Lemma betti2_socle u v : ~~ inI p d c u v -> inI p d c u.+1 v -> inI p d c u v.+1 ->
  betti k p d c 2 (u + v + 2) != 0.
Proof.
move=> nI Ix Iy; rewrite /betti sum_nat_eq0 negb_forall; apply/existsP.
have u_lt : u.+1 < (u + v + 2).+1 by lia.
exists (Ordinal u_lt) => /=; have -> : u + v + 2 - u.+1 = v.+1 by lia.
have kd1_0 : kd1x p d c u.+1 v.+1 + kd1y p d c u.+1 v.+1 = 0.
  by rewrite /kd1x /kd1y /nS !subSS !subn0 Ix Iy !andbF.
have kd2_1 : kd2 p d c u.+1 v.+1 = 1 by rewrite /kd2 /nS !subSS !subn0 nI.
have := rank_leq_col (kdiff2 k p d c u.+1 v.+1); lia.
Qed.

Lemma hilb_neq0 e :
  (hilb p d c e != 0) = [exists a : 'I_e.+1, ~~ inI p d c a (e - a)].
Proof.
rewrite /hilb sum_nat_eq0 negb_forall.
by apply: eq_existsb => a; rewrite nS_neq0 !subn0.
Qed.

Lemma reg_topdeg_max_standard u0 v0 : ~~ inI p d c u0 v0 ->
    (forall u v, ~~ inI p d c u v -> u + v <= u0 + v0) ->
  reg_is k p d c (u0 + v0)%:Z%R /\ topdeg_is p d c (u0 + v0)%:Z%R.
Proof.
move=> nI0 max0.
have [Ix Iy] : inI p d c u0.+1 v0 /\ inI p d c u0 v0.+1.
  by split; apply: contraT => /max0; rewrite ?addSn ?addnS ltnn.
split; split.
- move=> i j /eqP/betti_neq0[u [v [/max0 uv_le <-]]].
  by rewrite PoszD addrK lez_nat.
- by exists 2, (u0 + v0 + 2); rewrite PoszD addrK; split=> //; apply/eqP/betti2_socle.
- move=> e /eqP; rewrite hilb_neq0 => /existsP[a /max0].
  by rewrite lez_nat subnKC // -ltnS.
- exists (u0 + v0); split=> //; apply/eqP; rewrite hilb_neq0; apply/existsP.
  have u0_lt : u0 < (u0 + v0).+1 by rewrite ltnS leq_addr.
  by exists (Ordinal u0_lt); rewrite /= addKn.
Qed.

End Koszul.

Lemma modn_expS p x n : x %% p ^ n.+1 = x %% p ^ n + digit p x n * p ^ n.
Proof.
rewrite /digit modn_divl -expnS addnC {1}(divn_eq (x %% p ^ n.+1) (p ^ n)).
by rewrite modn_dvdm // dvdn_exp2l.
Qed.

Lemma modn_exp_sum p x m n : m <= n ->
  x %% p ^ n = x %% p ^ m + \sum_(m <= j < n) digit p x j * p ^ j.
Proof.
move=> /subnK <-; elim: (n - m) => [|i IH]; first by rewrite big_geq ?addn0.
by rewrite addSn big_nat_recr ?leq_addl //= modn_expS IH addnA.
Qed.
(* Let $k$ be a complete non-trivially valued non-Archimedean field and $\Gamma\le\mathrm{PGL}(2,k)$ a finitely generated subgroup that is not strongly irreducible. Then one of the following holds: (1) $\Gamma$ has potential good reduction; (2) $\Gamma$ is conjugate in $\mathrm{PGL}(2,k)$ to a subgroup of the affine group $\{z\mapsto az+b:\ a\in k^\times,\ b\in k\}$; (3) $\Gamma$ is conjugate in $\mathrm{PGL}(2,k)$ to a subgroup of $\{z\mapsto\lambda z^{\pm1}:\ \lambda\in k^\times\}$.
   Context: $\Gamma$ is strongly irreducible if it has no finite orbit in $\mathbb{P}^1(k)$. $\Gamma$ has potential good reduction if there is a finite extension $K/k$ and $h\in\mathrm{PGL}(2,K)$ such that $h\Gamma h^{-1}$ is contained in $\mathrm{PGL}(2,K^\circ)$, the stabilizer of the Gauss point $\sum a_iZ^i\mapsto\max|a_i|$ of the Berkovich line over $K$ ($K^\circ$ the valuation ring). *)

From HB Require Import structures.
From mathcomp Require Import all_boot all_order all_algebra all_field.
From mathcomp Require Import reals.
Set Implicit Arguments. Unset Strict Implicit. Unset Printing Implicit Defensive.
Import Order.TTheory GRing.Theory Num.Theory.
Local Open Scope ring_scope.

Definition nonarch_abs (R : realType) (F : fieldType) (v : F -> R) : Prop :=
  [/\ forall x, 0 <= v x,
      forall x, v x = 0 -> x = 0,
      v 0 = 0,
      forall x y, v (x * y) = v x * v y
    & forall x y, v (x + y) <= Num.max (v x) (v y)].

Definition nontrivial_abs (R : realType) (F : fieldType) (v : F -> R) : Prop :=
  exists x : F, v x != 0 /\ v x != 1.
(* Let $G_m$ be a bounded Vilenkin group and let $\varphi:P_+\to[1,\infty)$ be a nondecreasing function with $\limsup_{n\to\infty}\frac{\log^2(n+1)}{\varphi(n)}=+\infty$. Then the maximal operator $f\mapsto \sup_{n\in P_+}\frac{|\sigma_nf|}{\varphi(n)}$ is not bounded from $H_{1/2}(G_m)$ to $L_{1/2}(G_m)$; i.e., there is no constant $c<\infty$ such that $\big\|\sup_{n\in P_+}\frac{|\sigma_nf|}{\varphi(n)}\big\|_{L_{1/2}}\le c\|f\|_{H_{1/2}}$ for all martingales $f\in H_{1/2}(G_m)$.
   Context: Let $P_+$ be the positive integers and $P=P_+\cup\{0\}$. Let $m=(m_0,m_1,\dots)$ be a sequence of integers $m_k\ge 2$ with $\sup_k m_k<\infty$. $G_m$ is the complete direct product of the cyclic groups $Z_{m_k}$, with Haar measure $\mu$ = product of the uniform probability measures on $Z_{m_k}$. Put $M_0=1$, $M_{k+1}=m_kM_k$. For $x\in G_m$, $I_n(x)=\{y: y_j=x_j,\ 0\le j<n\}$. Every $n\in P$ is written uniquely as $n=\sum_j n_jM_j$, $n_j\in Z_{m_j}$. Rademacher functions $r_k(x)=\exp(2\pi i x_k/m_k)$; Vilenkin system $\psi_n=\prod_k r_k^{n_k}$. $\mathcal F_n$ is the $\sigma$-algebra generated by the sets $I_n(x)$. For a martingale $f=(f^{(n)})$ w.r.t. $(\mathcal F_n)$, $f^*=\sup_n|f^{(n)}|$; $H_p(G_m)$ consists of martingales with $\|f\|_{H_p}:=\|f^*\|_{L_p}<\infty$, $\|g\|_{L_p}=(\int|g|^pd\mu)^{1/p}$. $\hat f(i)=\lim_{k}\int f^{(k)}\overline{\psi_i}\,d\mu$, $S_nf=\sum_{k=0}^{n-1}\hat f(k)\psi_k$, $\sigma_nf=\frac1n\sum_{k=0}^{n-1}S_kf$. $\log$ denotes a fixed logarithm. *)

From Stdlib Require Import Reals Arith.
Open Scope R_scope.

Definition Cx : Type := (R * R)%type.
Definition C0 : Cx := (0, 0).
Definition Cadd (z w : Cx) : Cx := (fst z + fst w, snd z + snd w).
Definition Cmul (z w : Cx) : Cx :=
  (fst z * fst w - snd z * snd w, fst z * snd w + snd z * fst w).
Definition Cscale (a : R) (z : Cx) : Cx := (a * fst z, a * snd z).
Definition Cconj (z : Cx) : Cx := (fst z, - snd z).
Definition Cmod (z : Cx) : R := sqrt (fst z ^ 2 + snd z ^ 2).

Fixpoint rsum (n : nat) (g : nat -> R) : R :=
  match n with O => 0 | S n' => rsum n' g + g n' end.
Fixpoint csum (n : nat) (g : nat -> Cx) : Cx :=
  match n with O => C0 | S n' => Cadd (csum n' g) (g n') end.

Fixpoint maxle (K : nat) (g : nat -> R) : R :=
  match K with O => g O | S K' => Rmax (maxle K' g) (g (S K')) end.
Fixpoint maxpos (N : nat) (g : nat -> R) : R :=
  match N with O => 0 | S N' => Rmax (maxpos N' g) (g (S N')) end.

Definition point_t := nat -> nat.
Definition inG (m : nat -> nat) (x : point_t) : Prop := forall k, (x k < m k)%nat.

· · · ·

After locating the line that holds "match n with O => 0 | S n' => rsum", print it and each line after it through the end of the data, exactly as it stands.

## RESPONSE TO THE EXERCISE
  match n with O => 0 | S n' => rsum n' g + g n' end.
Fixpoint csum (n : nat) (g : nat -> Cx) : Cx :=
  match n with O => C0 | S n' => Cadd (csum n' g) (g n') end.

Fixpoint maxle (K : nat) (g : nat -> R) : R :=
  match K with O => g O | S K' => Rmax (maxle K' g) (g (S K')) end.
Fixpoint maxpos (N : nat) (g : nat -> R) : R :=
  match N with O => 0 | S N' => Rmax (maxpos N' g) (g (S N')) end.

Definition point_t := nat -> nat.
Definition inG (m : nat -> nat) (x : point_t) : Prop := forall k, (x k < m k)%nat.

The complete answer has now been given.